The body, and the control of it, is key to the work of O.School instructors Dalychia and Rafaella, who teach sex workshops under the name Afrosexology, As two Black women with backgrounds in social work, they felt an imperative to create a space for the Black community to talk about sex. "There is a lack of trust a lot of times when you start talking about sexuality, bodies—especially bodies of color because of historical trauma and experimentation that has occurred abroad and in the United States," Rafaella says. Even much of what we know about modern gynecology is a result of heinous experimentation on Black women.

Dalychia draws a clear connection between mainstream sex education and white supremacy. "So much of the way white supremacy has controlled people of color in this country is through fear. So, when it comes to something as pleasurable as sex, society is putting this narrative inside of you that something extremely awful is going to happen if you enjoy yourself. The second someone does do something sexual and it feels good, they realize that you lied to them and they no longer trust you as a source of information." As an instructor for O.School, Dalychia hopes to offer a new narrative: "[Black people] are also deserving of pleasure and joy and love and healthy relationships and to feel good. Our bodies deserve to be affirmed."

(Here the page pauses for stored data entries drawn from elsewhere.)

Lemma wsum_shift c : bounded_seq c -> wsum c = c 0%nat + /2 * wsum (fun k => c (S k)).
Proof.
  intros Hc. unfold wsum. rewrite Series_incr_1 by (apply wsum_ex; auto).
  rewrite <- Series_scal_l. simpl. f_equal; [ring|].
  apply Series_ext. intros; simpl; ring.
Qed.

Lemma wsum_tail N : forall c K, (forall m, 0 <= c m <= K) ->
  (forall m, (m < N)%nat -> c m = 0) -> wsum c <= 2 * K * (/2) ^ N.
Proof.
  induction N as [|N IH]; intros c K Hc Hzero.
  - simpl. rewrite Rmult_1_r, <- wsum_const.
    apply wsum_le; [apply (bounded_between _ 0 K) | apply bounded_const |]; apply Hc.
  - assert (Hb : bounded_seq c) by (apply (bounded_between _ 0 K); auto).
    rewrite wsum_shift, Hzero by (auto || lia).
    specialize (IH (fun k => c (S k)) K ltac:(intros; apply Hc)
                   ltac:(intros; apply Hzero; lia)).
    simpl. lra.
Qed.

Lemma wsum_ge_term m : forall c, bounded_seq c -> (forall k, 0 <= c k) ->
  (/2) ^ m * c m <= wsum c.
Proof.
  induction m as [|m IH]; intros c Hb Hc; rewrite wsum_shift by auto; simpl.
  - pose proof (wsum_nonneg _ (bounded_shift _ Hb) (fun k => Hc (S k))). lra.
  - specialize (IH _ (bounded_shift _ Hb) (fun k => Hc (S k))).
    pose proof (Hc 0%nat). lra.
Qed.

Lemma half_pow_small e : 0 < e -> exists N, (/2) ^ N < e.
Proof.
  intros He. destruct (pow_lt_1_zero (/2) ltac:(rewrite Rabs_right; lra) e He) as [N HN].
  exists N. specialize (HN N (le_n N)).
  rewrite Rabs_right in HN by (left; apply half_pow_pos). exact HN.
Qed.

Lemma common_radius (P : nat -> R -> Prop) N :
  (forall m d d', 0 < d' <= d -> P m d -> P m d') ->
  (forall m, exists d, 0 < d /\ P m d) ->
  exists d, 0 < d /\ forall m, (m < N)%nat -> P m d.
Proof.
  intros Hshrink Hex. induction N as [|N [d [Hd HP]]].
  - exists 1. split; [lra | intros; lia].
  - destruct (Hex N) as [dN [HdN HPN]].
    exists (Rmin d dN). split; [apply Rmin_glb_lt; auto|].
    pose proof (Rmin_l d dN). pose proof (Rmin_r d dN).
    assert (Hpos : 0 < Rmin d dN) by (apply Rmin_glb_lt; auto).
    intros m Hm. destruct (Nat.eq_dec m N) as [->|Hne].
    + apply (Hshrink N dN); [lra | auto].
    + apply (Hshrink m d); [lra | apply HP; lia].
Qed.

Definition Z_of_index (m : nat) : Z :=
  if Nat.even m then Z.of_nat (Nat.div2 m) else (- Z.of_nat (S (Nat.div2 m)))%Z.

Lemma Z_of_index_surj n : exists m, Z_of_index m = n.
Proof.
  unfold Z_of_index. destruct (Z_le_gt_dec 0 n).
  - exists (2 * Z.to_nat n)%nat. rewrite Nat.even_mul, Nat.div2_double. simpl. lia.
  - exists (S (2 * Z.to_nat (- n - 1)))%nat.
    rewrite Nat.even_succ, Nat.odd_mul, Nat.div2_succ_double. simpl. lia.
Qed.

Definition open_arc (a b z : R) : Prop := exists j : Z, a + IZR j < z < b + IZR j.

Lemma open_arc_open a b : openT (open_arc a b).
Proof.
  split.
  - intros z. split; intros [j Hj].
    + exists (j + 1)%Z. rewrite plus_IZR. simpl. lra.
    + exists (j - 1)%Z. rewrite minus_IZR. simpl. lra.
  - intros z [j Hj]. exists (Rmin (z - (a + IZR j)) (b + IZR j - z)).
    split; [apply Rmin_glb_lt; lra|].
    intros w Hw. apply Rabs_def2 in Hw.
    pose proof (Rmin_l (z - (a + IZR j)) (b + IZR j - z)).
    pose proof (Rmin_r (z - (a + IZR j)) (b + IZR j - z)). exists j. lra.
Qed.

Lemma open_arcs_disjoint c1 c2 z :
  c1 < c2 < c1 + 1 -> open_arc c1 c2 z -> open_arc c2 (c1 + 1) z -> False.
Proof.
  intros Hc [j1 Hj1] [j2 Hj2].
  assert (Hlt : IZR j2 < IZR j1) by lra. apply lt_IZR in Hlt.
  assert (Hle : IZR j1 < IZR j2 + 1) by lra. apply IZR_lt_add1 in Hle. lia.
Qed.

Lemma open_arcs_cover c1 c2 z :
  c1 < c2 < c1 + 1 -> ~ eqT z c1 -> ~ eqT z c2 -> open_arc c1 c2 z \/ open_arc c2 (c1 + 1) z.
Proof.
  intros Hc Hz1 Hz2. set (j := Int_part (z - c1)).
  pose proof (Int_part_bounds (z - c1)) as Hj. fold j in Hj.
  assert (z <> c1 + IZR j) by (intro E; apply Hz1; exists j; lra).
  assert (z <> c2 + IZR j) by (intro E; apply Hz2; exists j; lra).
  destruct (Rlt_le_dec z (c2 + IZR j)); [left | right]; exists j; lra.
Qed.

Section Irrational.
Variable tau : R.
Hypothesis Htau : irrational tau.

Lemma multiple_not_one n k q :
  0 < IZR n * tau + IZR k < 1 -> (1 <= q)%Z -> IZR q * (IZR n * tau + IZR k) <> 1.
Proof.
  intros Hx Hq Heq. destruct (Z.eq_dec n 0) as [->|Hn].
  - rewrite Rmult_0_l, Rplus_0_l in Hx. destruct Hx as [Hk0 Hk1].
    apply lt_IZR in Hk0. apply (lt_IZR k 1) in Hk1. lia.
  - apply Htau. exists (1 - q * k)%Z, (q * n)%Z. split; [nia|].
    assert (IZR q <> 0) by (intro E; apply eq_IZR in E; lia).
    assert (IZR n <> 0) by (intro E; apply eq_IZR in E; lia).
    rewrite minus_IZR, !mult_IZR.
    replace (IZR 1 - IZR q * IZR k) with (IZR q * IZR n * tau) by (simpl; nra).
    field. auto.
Qed.

(* The group [Z tau + Z] has positive elements below [2^-N]: given [x] in it,
   the remainder [r = 1 - q x] of [1] modulo [x] is in it and nonzero, and
   one of [r], [x - r] is at most [x / 2]. *)
Lemma small_element N :
  exists n k : Z, 0 < IZR n * tau + IZR k < 1 /\ IZR n * tau + IZR k <= (/2) ^ N.
Proof.
  induction N as [|N [n [k [Hx Hle]]]].
  - exists 1%Z, (- Int_part tau)%Z. pose proof (Int_part_bounds tau).
    rewrite opp_IZR. simpl (IZR 1).
    assert (tau - IZR (Int_part tau) <> 0).
    { intro E. apply Htau. exists (Int_part tau), 1%Z. split; [lia|]. simpl. lra. }
    simpl. lra.
  - set (x := IZR n * tau + IZR k) in *.
    assert (Hinv : 1 < / x) by (rewrite <- Rinv_1; apply Rinv_lt_contravar; lra).
    set (q := Int_part (/ x)).
    assert (Hq1 : (1 <= q)%Z).
    { pose proof (Int_part_mono 1 (/ x) ltac:(lra)) as Hq. rewrite (Int_part_IZR 1) in Hq. exact Hq. }
    assert (Hqx : IZR q * x <= 1 < IZR q * x + x).
    { pose proof (Int_part_bounds (/ x)) as Hb. fold q in Hb.
      assert (x * / x = 1) by (field; lra). nra. }
    pose proof (multiple_not_one n k q Hx Hq1) as Hne. fold x in Hne.
    set (r := 1 - IZR q * x).
    assert (Hr : 0 < r < x) by (unfold r; lra).
    simpl pow. destruct (Rle_dec r (x / 2)).
    + exists (- q * n)%Z, (1 - q * k)%Z.
      replace (IZR (- q * n) * tau + IZR (1 - q * k)) with r
        by (unfold r, x; rewrite minus_IZR, !mult_IZR, opp_IZR; simpl; ring).
      lra.
    + exists (n + q * n)%Z, (k - 1 + q * k)%Z.
      replace (IZR (n + q * n) * tau + IZR (k - 1 + q * k)) with (x - r)
        by (unfold r, x; rewrite !plus_IZR, minus_IZR, !mult_IZR; simpl; ring).
      lra.
Qed.

Lemma orbit_dense phi u v :
  u < v -> exists n k : Z, u < phi + IZR n * tau + IZR k < v.
Proof.
  intros Huv. destruct (half_pow_small (v - u) ltac:(lra)) as [N HN].
  destruct (small_element N) as [n [k [Hx Hle]]]. set (x := IZR n * tau + IZR k) in *.
  set (j := (Int_part ((u - phi) / x) + 1)%Z).
  assert (Hj : u - phi < IZR j * x <= u - phi + x).
  { pose proof (Int_part_bounds ((u - phi) / x)).
    assert (Hdiv : (u - phi) / x * x = u - phi) by (field; lra).
    unfold j. rewrite plus_IZR. nra. }
  exists (j * n)%Z, (j * k)%Z. rewrite !mult_IZR.
  replace (phi + IZR j * IZR n * tau + IZR j * IZR k) with (phi + IZR j * x) by (unfold x; ring).
  lra.
Qed.

End Irrational.

Section Construction.
Variables phi tau : R.

Definition orbit (m : nat) : R := phi + IZR (Z_of_index m) * tau.

Section Lift.
(* [s] is one of the unit staircases [stepR], [stepL]. *)
Variable s : R -> R -> R.
Hypothesis s_per1 : forall d y, s d (y + 1) = s d y + 1.
Hypothesis s_half : forall d y,
  s d (y + /2) + s (d + /2) (y + /2) = s d y + s (d + /2) y + 1.
Hypothesis s_bounds : forall d y, y - 2 <= s d y <= y + 2.

Definition pair_count (y : R) (m : nat) : R := s (orbit m) y + s (orbit m + /2) y.

(* The lift of the inverse of the Cantor function: a strictly increasing map
   of slope at least 1/2 jumping by [2^-m/8] at [orbit m + Z/2]. *)
Definition lift (y : R) : R := y / 2 + wsum (pair_count y) / 8.

Lemma pair_count_bounds y m : 2 * y - 4 <= pair_count y m <= 2 * y + 4.
Proof.
  unfold pair_count. pose proof (s_bounds (orbit m) y).
  pose proof (s_bounds (orbit m + /2) y). lra.
Qed.

Lemma pair_count_bounded y : bounded_seq (pair_count y).
Proof. apply (bounded_between _ (2 * y - 4) (2 * y + 4)), pair_count_bounds. Qed.

Lemma lift_translate y c :
  (forall m, pair_count (y + c) m = pair_count y m + 2 * c) -> lift (y + c) = lift y + c.
Proof.
  intros Hc. unfold lift.
  rewrite (wsum_ext _ (fun m => pair_count y m + 2 * c)) by auto.
  rewrite <- wsum_plus by (apply pair_count_bounded || apply bounded_const).
  rewrite wsum_const. field.
Qed.

Lemma lift_per1 y : lift (y + 1) = lift y + 1.
Proof. apply lift_translate. intros m. unfold pair_count. rewrite !s_per1. ring. Qed.

Lemma lift_half y : lift (y + /2) = lift y + /2.
Proof. apply lift_translate. intros m. unfold pair_count. rewrite s_half. field. Qed.

Lemma lift_bounds y : y - 1 <= lift y <= y + 1.
Proof.
  unfold lift.
  cut (2 * (2 * y - 4) <= wsum (pair_count y) <= 2 * (2 * y + 4)); [lra|].
  rewrite <- (wsum_const (2 * y - 4)), <- (wsum_const (2 * y + 4)).
  split; apply wsum_le; try apply bounded_const; try apply pair_count_bounded;
    intros m; apply pair_count_bounds.
Qed.

End Lift.

Lemma stepR_bounds2 d y : y - 2 <= stepR d y <= y + 2.
Proof. pose proof (stepR_bounds d y). lra. Qed.

Lemma stepL_bounds2 d y : y - 2 <= stepL d y <= y + 2.
Proof. pose proof (stepR_bounds d y). pose proof (stepL_le_stepR d y). lra. Qed.

Definition Hr : R -> R := lift stepR.
Definition Hl : R -> R := lift stepL.

Lemma bounded_R y : bounded_seq (pair_count stepR y).
Proof. apply pair_count_bounded, stepR_bounds2. Qed.

Lemma bounded_L y : bounded_seq (pair_count stepL y).
Proof. apply pair_count_bounded, stepL_bounds2. Qed.

Lemma Hr_per1 y : Hr (y + 1) = Hr y + 1.
Proof. apply lift_per1; [apply stepR_per1 | apply stepR_bounds2]. Qed.

Lemma Hl_per1 y : Hl (y + 1) = Hl y + 1.
Proof. apply lift_per1; [apply stepL_per1 | apply stepL_bounds2]. Qed.

Lemma Hr_half y : Hr (y + /2) = Hr y + /2.
Proof. apply lift_half; [apply stepR_half | apply stepR_bounds2]. Qed.

Lemma Hl_half y : Hl (y + /2) = Hl y + /2.
Proof. apply lift_half; [apply stepL_half | apply stepL_bounds2]. Qed.

Lemma Hr_bounds y : y - 1 <= Hr y <= y + 1.
Proof. apply lift_bounds, stepR_bounds2. Qed.

Lemma Hr_Hl_gap y z : y < z -> Hr y + (z - y) / 2 <= Hl z.
Proof.
  intros Hyz. unfold Hr, Hl, lift.
  cut (wsum (pair_count stepR y) <= wsum (pair_count stepL z)); [lra|].
  apply wsum_le; [apply bounded_R | apply bounded_L |].
  intros m. unfold pair_count.
  pose proof (stepR_le_stepL (orbit m) y z Hyz).
  pose proof (stepR_le_stepL (orbit m + /2) y z Hyz). lra.
Qed.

O.School’s message of inclusivity and promise of safe spaces aligns beautifully with Dalychia’s notion that "the people who are marginalized the most are the most deserving of pleasure, because in society nothing is affirming that we’re beautiful, that we’re lovable, that we’re deserving of anything good."

No longer satisfied to leave sex ed in the mostly white, mostly straight, mostly male hands of our government, O.School is setting out to show the U.S. how true sexual freedom can look and feel. After all, truly good sex is an unalienable right that belongs to us all.